Bab 4. Perjanjian?

Pagi menyingsing, Aruna terbangun lebih dulu, Ia beranjak menghiraukan pakaiannya yang tak beraturan di lantai akibat ulah Aryan semalam. Ia tak menyangka jika hal yang Ia hindari akan terjadi. Namun apalah daya, Ia tak bisa menolak karena itu akan membuatnya menjadi istri durhaka. Mengesampingkan hal tersebut, Aruna bersikap seolah acuh meski sudah bermadu kasih bersama Aryan yang sama-sama tak peduli terhadapnya. Jelas mereka melakukannya tanpa perasaan.

"Entah kenapa, rasanya aku tak ingin ada yang hadir diantara aku dan Mas Aryan." Batin Aruna seiring membasuh tubuhnya di bawah air shower. Air matanya tak bisa terbendung, Ia membiarkan kesedihannya meluap merasakan rasa sakit di tubuh dan ulu hatinya. Mengingat semalam Aryan membisikkan nama Gita di sepanjang kebersamaan mereka. Dadanya terasa nyeri, apa hanya dirinya yang bernasib demikian?

Aryan memijit dahinya ketika mengingat wajah Aruna semalam yang membuatnya menjadi candu. Bahkan saat ingin mengingat Gita, secara tiba-tiba hanya wajah Aruna saya yang muncul di benaknya. Ingin terheran, namun ini kenyataan.

"Harusnya aku tidak gegabah." Batinnya menghela nafas gusar.

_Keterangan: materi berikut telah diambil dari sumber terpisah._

(* Let $\Omega\subseteq\mathbb{F}$ be a P-closed set with finite P-basis $\mathcal{B}$ and $n=\mathrm{Rk}(\Omega)$, and let $\mathcal{C}\subseteq\mathbb{F}^\mathcal{B}$ be a left linear code of dimension $k\ge1$. Then $\mathrm{d}_\mathcal{B}(\mathcal{C})=n-k+1$ (i.e. $\mathcal{C}$ is maximum skew distance) if and only if $\pi_{\mathcal{B},\mathcal{A}}(\mathcal{C})\subseteq\mathbb{F}^\mathcal{A}$ is MDS (has minimum Hamming distance $n-k+1$) for every P-basis $\mathcal{A}$ of $\Omega$.
   Context: $\mathbb{F}$ is a division ring, $\sigma$ a ring endomorphism, $\delta$ a $\sigma$-derivation; $\mathbb{F}[x;\sigma,\delta]$ the skew polynomial ring ($xa=\sigma(a)x+\delta(a)$), evaluation $F(a)$ defined by $F-F(a)\in\mathbb{F}[x;\sigma,\delta](x-a)$. P-closure $\overline\Omega$ is the common zero set of all skew polynomials vanishing on $\Omega$; P-closed, P-independent (no element in the P-closure of the others), P-basis (P-independent subset whose P-closure is $\Omega$); $\mathrm{Rk}(\Omega)$ is the common size of P-bases. $E_\mathcal{B}$ (evaluation on $\mathcal{B}$) is a bijection from skew polynomials of degree $<n$ onto $\mathbb{F}^\mathcal{B}$. Skew weight $\mathrm{wt}_\mathcal{B}(E_\mathcal{B}(F))=n-\mathrm{Rk}(Z(F)\cap\Omega)$; $\mathrm{d}_\mathcal{B}(\mathcal{C})$ is the minimum of $\mathrm{wt}_\mathcal{B}(f-g)$ over distinct $f,g\in\mathcal{C}$. $\pi_{\mathcal{B},\mathcal{A}}(E_\mathcal{B}(F))=E_\mathcal{A}(F)$ for $\deg F<n$. *)

(* Skew polynomials F[x; sigma, delta] over a division ring F
   are represented by their (left) coefficient sequences in {poly F};
   only the additive structure of {poly F} is used, the skew product is
   defined below as [skmul]. *)
From Stdlib Require Import ClassicalEpsilon.
From HB Require Import structures.
From mathcomp Require Import all_boot all_order all_algebra.

Unset Strict Implicit. Unset Printing Implicit Defensive.
Import GRing.Theory.
Local Open Scope ring_scope.

Section Skew.
Context {F : unitRingType}.
Variables (sigma delta : F -> F).

(* x * G, using x a = sigma(a) x + delta(a) *)
Definition xmul (G : {poly F}) : {poly F} :=
  'X * map_poly sigma G + map_poly delta G.

Definition skmul (P G : {poly F}) : {poly F} :=
  \sum_(i < size P) (P`_i)%:P * iter (nat_of_ord i) xmul G.

Definition skeval (P : {poly F}) (a : F) : F :=
  epsilon (inhabits 0) (fun b => exists Q : {poly F}, P - b%:P = skmul Q ('X - a%:P)).

Definition Pclos (S : F -> Prop) (a : F) : Prop :=
  forall P : {poly F}, (forall b, S b -> skeval P b = 0) -> skeval P a = 0.

Definition Pclosed (S : F -> Prop) : Prop := forall a, Pclos S a -> S a.

Definition Pindep (B : seq F) : Prop :=
  forall i, (i < size B)%N ->
    ~ Pclos (fun a => exists j, [/\ (j < size B)%N, j != i & a = nth 0 B j]) (nth 0 B i).

Definition PBasis (S : F -> Prop) (B : seq F) : Prop :=
  [/\ forall b, b \in B -> S b, Pindep B & forall a, Pclos (fun b => b \in B) a <-> S a].

Definition Rk (S : F -> Prop) : nat :=
  epsilon (inhabits 0%N) (fun m => exists B, size B = m /\ PBasis S B).

Definition Evec (B : seq F) (P : {poly F}) : 'rV[F]_(size B) :=
  \row_(i < size B) skeval P (nth 0 B i).

Definition polyOf (B : seq F) (c : 'rV[F]_(size B)) : {poly F} :=
  epsilon (inhabits 0) (fun P : {poly F} => (size P <= size B)%N /\ Evec B P = c).

Definition skew_wt (Om : F -> Prop) (B : seq F) (c : 'rV[F]_(size B)) : nat :=
  (Rk Om - Rk (fun a => Om a /\ skeval (polyOf B c) a = 0%R))%N.

Definition piBA (B A : seq F) (C : 'rV[F]_(size B) -> Prop) : 'rV[F]_(size A) -> Prop :=
  fun c' => exists c, C c /\ c' = Evec A (polyOf B c).

End Skew.

Definition ham_wt (F : unitRingType) (m : nat) (c : 'rV[F]_m) : nat :=
  #|[pred i : 'I_m | c 0 i != 0]|.

Definition min_dist_is (F : unitRingType) (m : nat) (wt : 'rV[F]_m -> nat)
  (C : 'rV[F]_m -> Prop) (d : nat) : Prop :=
  (exists f g, [/\ C f, C g, f <> g & wt (f - g)%R = d]) /\
  (forall f g, C f -> C g -> f <> g -> (d <= wt (f - g)%R)%N).

Definition left_code_dim (F : unitRingType) (m : nat) (C : 'rV[F]_m -> Prop) (k : nat) : Prop :=
  exists v : 'I_k -> 'rV[F]_m,
    (forall a : 'I_k -> F, \sum_i a i *: v i = 0 -> forall i, a i = 0) /\
    (forall c, C c <-> exists a : 'I_k -> F, c = \sum_i a i *: v i).

Arguments ham_wt {F m} c.
Arguments min_dist_is {F m} wt C d.
Arguments left_code_dim {F m} C k.

From HB Require Import structures.
From mathcomp Require Import all_boot all_order all_algebra zify.
From Stdlib Require Import ClassicalEpsilon FunctionalExtensionality.
Import GRing.Theory.
Local Open Scope ring_scope.
Set Implicit Arguments. Unset Strict Implicit.

(* Evaluation of skew polynomials is [F(a) = sum_i f_i N_i(a)], and a finite
   P-independent set [T] has a monic minimal polynomial [G_T] of degree [|T|], an
   iterated skew product of linear factors, whose zero set is the P-closure of [T].
   Hence [E_B] is bijective and [Rk] is the size of any P-basis.  For [c = E_B(P)]
   and any P-basis [A] of [Omega], the points of [A] where [P] vanishes form an
   independent subset of [Z(P) /\ Omega], so the Hamming weight of [E_A(P)] is at
   least [n - Rk(Z(P) /\ Omega) = wt_B(c)]; extending a P-basis of [Z(P) /\ Omega]
   to one of [Omega] gives an [A] with equality.  As every [pi_{B,A}] is injective
   and left linear, [d_B(C)] is the minimum over [A] of the Hamming distance of
   [pi_{B,A}(C)], and each of these is at most [n - k + 1] by the Singleton bound. *)

Lemma big_ord_widen_eq0 (V : nmodType) (f : nat -> V) n m :
  (n <= m)%N -> (forall i, (n <= i)%N -> f i = 0) ->
  \sum_(i < n) f i = \sum_(i < m) f i.
Proof.
move=> le_nm f0; rewrite (big_ord_widen _ _ le_nm) big_mkcond /=.
by apply: eq_bigr => i _; case: ltnP => // /f0.
Qed.

Lemma card_ord_nth (T : Type) (x0 : T) (s : seq T) (p : pred T) :
  #|[pred i : 'I_(size s) | p (nth x0 s i)]| = count p s.
Proof.
rewrite -sum1_card -(big_mkord (fun i => p (nth x0 s i)) (fun _ => 1%N)).
by rewrite /index_iota subn0 sum1_count -count_map -/(mkseq _ _) mkseq_nth.
Qed.

Lemma count_leq_size_drop (T : Type) (x0 : T) (p : pred T) (s : seq T) m :
  (forall j, (j < m)%N -> ~~ p (nth x0 s j)) -> (count p s <= size s - m)%N.
Proof.
move=> pN; rewrite -(cat_take_drop m s) count_cat.
have -> : count p (take m s) = 0%N.
  apply/eqP; rewrite -leqn0 leqNgt -has_count; apply/(has_nthP x0) => -[j].
  by rewrite size_take_min ltn_min => /andP[jm js]; rewrite nth_take // (negbTE (pN j jm)).
by rewrite add0n cat_take_drop (leq_trans (count_size _ _)) ?size_drop.
Qed.

Section LeftLinearAlgebra.
Variable F : unitRingType.
Hypothesis unitF : forall a : F, a != 0 -> a \is a GRing.unit.

(* MathComp's rank theory needs a commutative field; over a division ring we
   eliminate by hand, pivoting on equation [m]. *)
Lemma nontrivial_left_relation m k (M : 'I_k -> nat -> F) : (m < k)%N ->
  exists2 a : 'I_k -> F, exists i, a i != 0 &
    forall j, (j < m)%N -> \sum_i a i * M i j = 0.
Proof.
elim: m k M => [|m IH] k M lt_mk.
  by exists (fun=> 1) => //; exists (Ordinal lt_mk); rewrite oner_neq0.
case: (pickP (fun i => M i m != 0)) => [i0 /= pivot | no_pivot].
  case: k M i0 lt_mk pivot => [M [] //|k] M i0 lt_mk pivot.
  set p := M i0 m.
  pose M' (i : 'I_k) j := M (lift i0 i) j - M (lift i0 i) m * p^-1 * M i0 j.
  have [b [i1 b_i1] b_sol] := IH k M' lt_mk.
  pose c := - \sum_i b i * M (lift i0 i) m * p^-1.
  exists (fun i => if unlift i0 i is Some i' then b i' else c).
    by exists (lift i0 i1); rewrite liftK.
  move=> j lt_jm; rewrite (bigD1_ord i0) //= unlift_none.
  under eq_bigr => i _ do rewrite liftK.
  rewrite ltnS leq_eqVlt in lt_jm; case/orP: lt_jm => [/eqP ->|lt_jm].
    rewrite /c mulNr mulr_suml (eq_bigr (fun i => b i * M (lift i0 i) m)) ?addNr //.
    by move=> i _; rewrite divrK //; apply: unitF.
  have := b_sol j lt_jm; rewrite /M' /=; under eq_bigr => i _ do rewrite mulrBr.
  rewrite sumrB => /eqP; rewrite subr_eq0 => /eqP ->.
  by rewrite /c mulNr mulr_suml addrC -sumrB big1 // => i _; rewrite !mulrA subrr.
have [a a_nz a_sol] := IH k M (ltnW lt_mk); exists a => // j.
rewrite ltnS leq_eqVlt => /orP[/eqP -> | /a_sol //].
by apply: big1 => i _; move/negbFE/eqP: (no_pivot i) => ->; rewrite mulr0.
Qed.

Di tengah kegundahan Aryan, Ia terdiam ketika melihat Aruna yang baru saja keluar dari kamar mandi dengan jubah handuk yang membuatnya menelan saliva. Aryan cepat-cepat memalingkan wajah untuk menghindari pemandangan di depannya. Gegas Ia beranjak untuk membersihkan diri dan bersiap untuk berangkat bekerja.

...----------------...

"Bi... ada obat sakit kepala?" Tanya Aruna setelah Ia mengganti pakaian dan terlihat begitu rapi.

"Kebetulan habis Bu. Tapi kalau Ibu butuh, saya bisa belikan."

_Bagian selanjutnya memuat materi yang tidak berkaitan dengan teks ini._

(* Consider the system $$\dot v=(-\mu_1-p_{11}v^2+p_{12}A^2)v-M_2 s,\quad \dot A=(-\mu_2-p_{21}v^2+p_{22}A^2)A+M_3 s,\quad \dot s=2\alpha(v+M_1 s)s,$$ under the standing assumptions of the context, and fix $\mu_2=\mu_2^0>0$. If $\mu_1<0$ is taken sufficiently close to $0$, then ''the solution'' satisfies $s(t)=O(|\mu_1|)$ for all $t>0$.
   Context: Standing assumptions: $\alpha>0$, $M_1\in\mathbb R$, $M_2>0$, $M_3>0$, $p_{11},p_{12},p_{21},p_{22}>0$, $p_{12}p_{21}<p_{11}p_{22}$. (The paper's further hypotheses on the underlying PDE impose no condition on this ODE.) For $\mu_1<0$ let $v_{\rm ep2}=\sqrt{-\mu_1/p_{11}}$ and $\widetilde{\mathrm{EP}}_2^\pm=(\pm v_{\rm ep2},0,0)$ in $(v,A,s)$-coordinates; $\widetilde{\mathrm{EP}}_2^+$ has the positive eigenvalue $2\alpha v_{\rm ep2}$, and ''the solution'' is the trajectory emanating from $\widetilde{\mathrm{EP}}_2^+$ at $t=-\infty$ along this unstable direction into $s>0$. $O(|\mu_1|)$ means bounded by a constant times $|\mu_1|$ as $\mu_1\to0$. *)

From Stdlib Require Import Reals.
From Coquelicot Require Import Coquelicot.
Open Scope R_scope.

Definition rhs_v (mu1 p11 p12 M2 : R) (v A s : R) : R :=
  (- mu1 - p11 * v ^ 2 + p12 * A ^ 2) * v - M2 * s.
Definition rhs_A (mu2 p21 p22 M3 : R) (v A s : R) : R :=
  (- mu2 - p21 * v ^ 2 + p22 * A ^ 2) * A + M3 * s.
Definition rhs_s (alpha M1 : R) (v s : R) : R :=
  2 * alpha * (v + M1 * s) * s.

Definition v_ep2 (mu1 p11 : R) : R := sqrt (- mu1 / p11).

(* (v, A, s), defined on (-oo, T) (T possibly +oo), is a solution of the
   system which emanates from EP2~^+ = (v_ep2, 0, 0) at t = -oo and lies in
   s > 0, i.e. it is the branch of the (one-dimensional) unstable manifold of
   EP2~^+ entering s > 0: "the solution". *)
Definition unstable_branch_solution
    (alpha M1 M2 M3 p11 p12 p21 p22 mu1 mu2 : R)
    (T : Rbar) (v A s : R -> R) : Prop :=
  (forall t : R, Rbar_lt t T ->
      is_derive v t (rhs_v mu1 p11 p12 M2 (v t) (A t) (s t)) /\
      is_derive A t (rhs_A mu2 p21 p22 M3 (v t) (A t) (s t)) /\
      is_derive s t (rhs_s alpha M1 (v t) (s t))) /\
  is_lim v m_infty (v_ep2 mu1 p11) /\
  is_lim A m_infty 0 /\
  is_lim s m_infty 0 /\
  (forall t : R, Rbar_lt t T -> 0 < s t).

(* With m = -mu1, let psi = v^2 + (M2/alpha) s + tilt m v.  For m small, the region
   {psi < psi_level m, A^2 < A_level m} contains EP2~^+ = (sqrt (m/p11), 0, 0), hence
   the solution at all sufficiently negative times, and it is forward invariant: on each
   piece of its boundary the defining function strictly decreases along the flow.  On
   the region s <= s_slope m.  The tilt term is what makes psi decrease: it contributes
   the damping -tilt m M2 s, which dominates the term 2 M1 M2 s^2 of indefinite sign. *)

From Stdlib Require Import Reals Lra Psatz Classical.
From Coquelicot Require Import Coquelicot.
Open Scope R_scope.

Lemma real_induction (P : R -> Prop) (a b : R) :
  a <= b ->
  (forall x, a <= x <= b -> (forall y, a <= y < x -> P y) -> P x) ->
  (forall x, a <= x < b -> P x -> exists e, 0 < e /\ forall y, x < y < x + e -> P y) ->
  forall x, a <= x <= b -> P x.
Proof.
  intros Hab Hclose Hstep.
  set (E := fun x => a <= x <= b /\ forall y, a <= y < x -> P y).
  assert (HaE : E a) by (split; [lra | intros y Hy; lra]).
  destruct (completeness E) as [xs [Hub Hlub]].
  { exists b. intros x Hx. apply Hx. }
  { exists a. exact HaE. }
  assert (Haxs : a <= xs) by now apply Hub.
  assert (Hxsb : xs <= b) by (apply Hlub; intros x Hx; apply Hx).
  assert (Hbelow : forall y, a <= y < xs -> P y).
  { intros y Hy. destruct (classic (P y)) as [HP | HnP]; [exact HP |].
    enough (xs <= y) by lra.
    apply Hlub. intros x [_ HxP]. destruct (Rle_or_lt x y) as [Hxy | Hyx]; [exact Hxy |].
    exfalso. apply HnP, HxP. lra. }
  assert (Hxs : P xs) by (apply Hclose; [lra | exact Hbelow]).
  assert (Hxs_b : xs = b).
  { destruct (Req_dec xs b) as [Heq | Hne]; [exact Heq |]. exfalso.
    destruct (Hstep xs ltac:(lra) Hxs) as [e [He Hnear]].
    set (x' := Rmin (xs + e / 2) b).
    assert (Hx' : xs < x' <= xs + e / 2) by (unfold x'; apply Rmin_case_strong; lra).
    assert (HEx' : E x').
    { split; [split; [lra | apply Rmin_r] |].
      intros y Hy. destruct (Rtotal_order y xs) as [Hlt | [-> | Hgt]].
      - apply Hbelow; lra.
      - exact Hxs.
      - apply Hnear; lra. }
    assert (x' <= xs) by (apply Hub; exact HEx').
    lra. }
  intros x Hx. destruct (Req_dec x b) as [-> | Hne].
  - rewrite <- Hxs_b. exact Hxs.
  - apply Hbelow; lra.
Qed.

Lemma is_derive_locally (f : R -> R) (x l : R) (U : R -> Prop) :
  is_derive f x l -> open U -> U (f x) -> locally x (fun y => U (f y)).
Proof.
  intros Hf HU Hfx. apply (ex_derive_continuous f x (ex_intro _ l Hf)). exact (HU _ Hfx).
Qed.

Lemma small_left_step (a x d : R) :
  a < x -> 0 < d -> exists h, h < 0 /\ Rabs h < d /\ a <= x + h.
Proof.
  intros Hax Hd. exists (- (Rmin d (x - a) / 2)).
  assert (0 < Rmin d (x - a) <= d /\ Rmin d (x - a) <= x - a)
    by (split; [split; [apply Rmin_pos |] | ]; try apply Rmin_l; try apply Rmin_r; lra).
  rewrite Rabs_Ropp, Rabs_pos_eq; lra.
Qed.

Lemma is_derive_first_hit (f : R -> R) (a x l K : R) :
  a < x -> is_derive f x l -> (forall y, a <= y < x -> f y < K) ->
  f x <= K /\ (f x = K -> 0 <= l).
Proof.
  intros Hax Hf Hbelow. split.
  - apply Rnot_lt_le. intros HK.
    destruct (is_derive_locally f x l _ Hf (open_gt K) HK) as [e He].
    destruct (small_left_step a x e Hax (cond_pos e)) as [h [Hh [Hhe Hah]]].
    assert (K < f (x + h)).
    { apply He. change (Rabs (x + h - x) < e). now replace (x + h - x) with h by ring. }
    specialize (Hbelow (x + h)). lra.
  - intros HK. apply Rnot_lt_le. intros Hl.
    apply is_derive_Reals in Hf.
    destruct (Hf (- l) ltac:(lra)) as [d Hd].
    destruct (small_left_step a x d Hax (cond_pos d)) as [h [Hh [Hhd Hah]]].
    specialize (Hd h ltac:(lra) Hhd). rewrite HK in Hd.
    assert (f (x + h) < K) by (apply Hbelow; lra).
    assert (0 < (f (x + h) - K) / h) by (apply Rdiv_neg_neg; lra).
    apply Rabs_def2 in Hd. lra.
Qed.

Lemma sublevel_pair_invariant (V W dV dW : R -> R) (k l a b : R) :
  a <= b ->
  (forall u, a <= u <= b -> is_derive V u (dV u) /\ is_derive W u (dW u)) ->
  V a < k -> W a < l ->
  (forall u, a < u <= b -> V u = k -> W u <= l -> dV u < 0) ->
  (forall u, a < u <= b -> W u = l -> V u <= k -> dW u < 0) ->
  V b < k /\ W b < l.
Proof.
  intros Hab Hder HVa HWa HV HW.
  apply (real_induction (fun u => V u < k /\ W u < l) a b); [exact Hab | | | lra].
  - intros x Hx Hbelow.
    destruct (Req_dec x a) as [-> | Hxa]; [split; assumption |].
    destruct (Hder x Hx) as [DV DW].
    destruct (is_derive_first_hit V a x (dV x) k) as [HVx HV']; [lra | exact DV | apply Hbelow |].
    destruct (is_derive_first_hit W a x (dW x) l) as [HWx HW']; [lra | exact DW | apply Hbelow |].
    split.
    + destruct HVx as [| Heq]; [assumption |].
      specialize (HV x ltac:(lra) Heq HWx). specialize (HV' Heq). lra.
    + destruct HWx as [| Heq]; [assumption |].
      specialize (HW x ltac:(lra) Heq HVx). specialize (HW' Heq). lra.
  - intros x Hx [HVx HWx].
    destruct (Hder x ltac:(lra)) as [DV DW].
    destruct (filter_and _ _ (is_derive_locally V x _ _ DV (open_lt k) HVx)
                             (is_derive_locally W x _ _ DW (open_lt l) HWx)) as [e He].
    exists e. split; [apply cond_pos |].
    intros y Hy. apply He. change (Rabs (y - x) < e). rewrite Rabs_pos_eq; lra.
Qed.

Lemma is_lim_eventually_lt (f : R -> R) (x : Rbar) (L K : R) :
  is_lim f x L -> L < K -> Rbar_locally' x (fun y => f y < K).
Proof. intros Hf HL. exact (Hf _ (open_lt K L HL)). Qed.

Lemma is_lim_sqr (f : R -> R) (x : Rbar) (L : R) :
  is_lim f x L -> is_lim (fun y => f y ^ 2) x (L ^ 2).
Proof.
  intros Hf. apply (is_lim_comp_continuous f (fun z => z ^ 2) x L); [exact Hf |].
  apply (ex_derive_continuous (fun z => z ^ 2)). auto_derive. exact I.
Qed.

Lemma is_derive_sqr (f : R -> R) (x d : R) :
  is_derive f x d -> is_derive (fun y => f y ^ 2) x (2 * f x * d).
Proof.
  intros Hf. replace (2 * f x * d) with (INR 2 * d * f x ^ Nat.pred 2) by (simpl; ring).
  now apply is_derive_pow.
Qed.

(* [sg] stands for (M2/alpha) s and [D] for the damping M2 s (lam m - 2 M1 s) in the
   time derivative of psi. *)
Lemma drift_lt_damping (p11 p12 m c lam v A sg D : R) :
  0 < m -> 0 < p11 -> c * p11 = 2 -> 0 <= p12 -> 320 * lam ^ 2 * m <= c ->
  p12 * A ^ 2 <= m / 8 -> 0 < sg -> v ^ 2 + sg + lam * m * v = c * m -> 54 * m * sg <= D ->
  (m - p11 * v ^ 2 + p12 * A ^ 2) * (2 * v ^ 2 + lam * m * v) < D.
Proof.
  intros Hm Hp11 Hc Hp12 Hsmall HA Hsg Hpsi HD.
  assert (Hc0 : 0 < c) by nra.
  assert (Htilt : (lam * m) ^ 2 <= c * m / 320) by nra.
  assert (Hv : v ^ 2 <= 3 * c * m) by nra.
  (* For small [sg], v^2 is close to c m = 2 m / p11, which makes the growth rate
     m - p11 v^2 + p12 A^2 negative; for large [sg], [D] dominates. *)
  destruct (Rlt_or_le sg (c * m / 4)) as [Hsmall_sg | Hlarge_sg].
  - assert (Htv : lam * m * v <= 3 / 16 * c * m).
    { apply Rnot_lt_le. intros Hlt.
      assert ((lam * m * v) ^ 2 <= c * m / 320 * (3 * c * m)) by nra.
      nra. }
    assert (Hv' : 9 / 8 * m < p11 * v ^ 2) by nra.
    assert (0 < 2 * v ^ 2 + lam * m * v) by nra.
    nra.
  - assert (Hdamp : 27 / 2 * c * m * m <= D) by nra.
    destruct (Rle_or_lt 0 (2 * v ^ 2 + lam * m * v)) as [HX | HX].
    + assert (0 <= p11 * v ^ 2) by (apply Rmult_le_pos; [lra | apply pow2_ge_0]).
      assert (m - p11 * v ^ 2 + p12 * A ^ 2 <= 9 / 8 * m) by lra.
      nra.
    + assert (- ((lam * m) ^ 2) / 8 <= 2 * v ^ 2 + lam * m * v)
        by (assert (0 <= (2 * v + lam * m / 2) ^ 2) by apply pow2_ge_0; nra).
      assert (0 <= p12 * A ^ 2) by (apply Rmult_le_pos; [lra | apply pow2_ge_0]).
      assert (p11 * v ^ 2 <= 6 * m) by nra.
      nra.
Qed.

Lemma A_sq_rate_neg (mu2 M3 p21 p22 m eta Cs v A s : R) :
  0 < mu2 -> 0 <= p21 -> 0 < m -> 0 <= s <= Cs * m -> A ^ 2 = eta * m ->
  4 * p22 * eta * m <= mu2 -> 2 * M3 ^ 2 * Cs ^ 2 * m < eta * mu2 ^ 2 ->
  2 * A * rhs_A mu2 p21 p22 M3 v A s < 0.
Proof.
  intros Hmu2 Hp21 Hm Hs HA Hp22 HM3.
  unfold rhs_A.
  assert (Hforcing : mu2 * (2 * M3 * A * s) <= mu2 ^ 2 / 2 * A ^ 2 + 2 * M3 ^ 2 * s ^ 2)
    by (assert (0 <= (mu2 * A / 2 - M3 * s) ^ 2) by apply pow2_ge_0; nra).
  assert (Hs2 : s ^ 2 <= (Cs * m) ^ 2) by (apply pow_incr; lra).
  assert (Hcross : 2 * M3 * A * s < 3 / 2 * mu2 * (eta * m)).
  { apply (Rmult_lt_reg_l mu2); [exact Hmu2 |].
    assert (M3 ^ 2 * s ^ 2 <= M3 ^ 2 * (Cs * m) ^ 2)
      by (apply Rmult_le_compat_l; [apply pow2_ge_0 | exact Hs2]).
    rewrite HA in Hforcing. nra. }
  assert (Hconf : p22 * A ^ 2 <= mu2 / 4) by (rewrite HA; lra).
  assert (0 <= p21 * v ^ 2) by (apply Rmult_le_pos; [lra | apply pow2_ge_0]).
  assert (0 <= A ^ 2) by apply pow2_ge_0.
  replace (2 * A * ((- mu2 - p21 * v ^ 2 + p22 * A ^ 2) * A + M3 * s))
    with (2 * A ^ 2 * (- mu2 - p21 * v ^ 2 + p22 * A ^ 2) + 2 * M3 * A * s) by ring.
  nra.
Qed.

Section TrappingRegion.

Variables alpha M1 M2 M3 p11 p12 p21 p22 mu2 : R.
Hypotheses (Halpha : 0 < alpha) (HM2 : 0 < M2) (HM3 : 0 < M3)
  (Hp11 : 0 < p11) (Hp12 : 0 < p12) (Hp21 : 0 < p21) (Hp22 : 0 < p22) (Hmu2 : 0 < mu2).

"Oh.. gapapa Bi. Aku beli sendiri aja. Sekalian mau beli sesuatu." Respons Aruna menolak tawaran Bi Ima dengan lembut. Sudah terlihat jika pelayannya ini mulai nyaman melayani dirinya yang memang tak banyak bicara. Bahkan terkadang, Aruna seperti tak membutuhkannya karena selalu melakukan hal sendiri.

"Bu... sakit Ibu parah?" Tanya Bi Ima mulai memperlihatkan raut wajah cemas pada Aruna.

"Memangnya kenapa Bi?"

"Wajah Ibu kelihatan pucat." Jawabnya sehingga Aruna meraih ponsel lalu bercermin.

"Padahal aku udah pakai lipstik." Keluhnya kemudian memijit pelipisnya dengan sedikit meringis. "Kayaknya aku migrain, Bi. Ini rasanya kayak muter." Imbuhnya mendadak terdengar manja.

"Kalau begitu, saya belikan dulu obat ya, Bu. Biar gak keterusan."

"Gapapa Bi.. aku aja. Sekalian aku mau beli sesuatu di apotek. Ini masih bisa ditahan kok."

"Ibu serius? Mata Ibu sudah sayu. Saya khawatir Ibu malah tambah parah." Mendengar kekhawatiran Bi Ima, Aruna tersenyum tipis membuat Bi Ima ikut tersenyum karenanya. Bukan Aruna jika tidak keras kepala. Ia berusaha menahan pening di kepalanya dan ikut membuat sarapan untuk Aryan yang mungkin tengah bersiap. Susah hampir 30 menit, Aryan tak kunjung turun dari kamar. Sebagai seorang istri, meski tanpa arti, Ia wajib melayani kebutuhannya. Dengan begitu, Aruna berniat menyusul Aryan untuk segera sarapan. Baru melangkah di anak tangga yang ke 3, Ia merasa pandangannya mulai kabur dan sedikit menggelap seakan menghalangi pandangannya.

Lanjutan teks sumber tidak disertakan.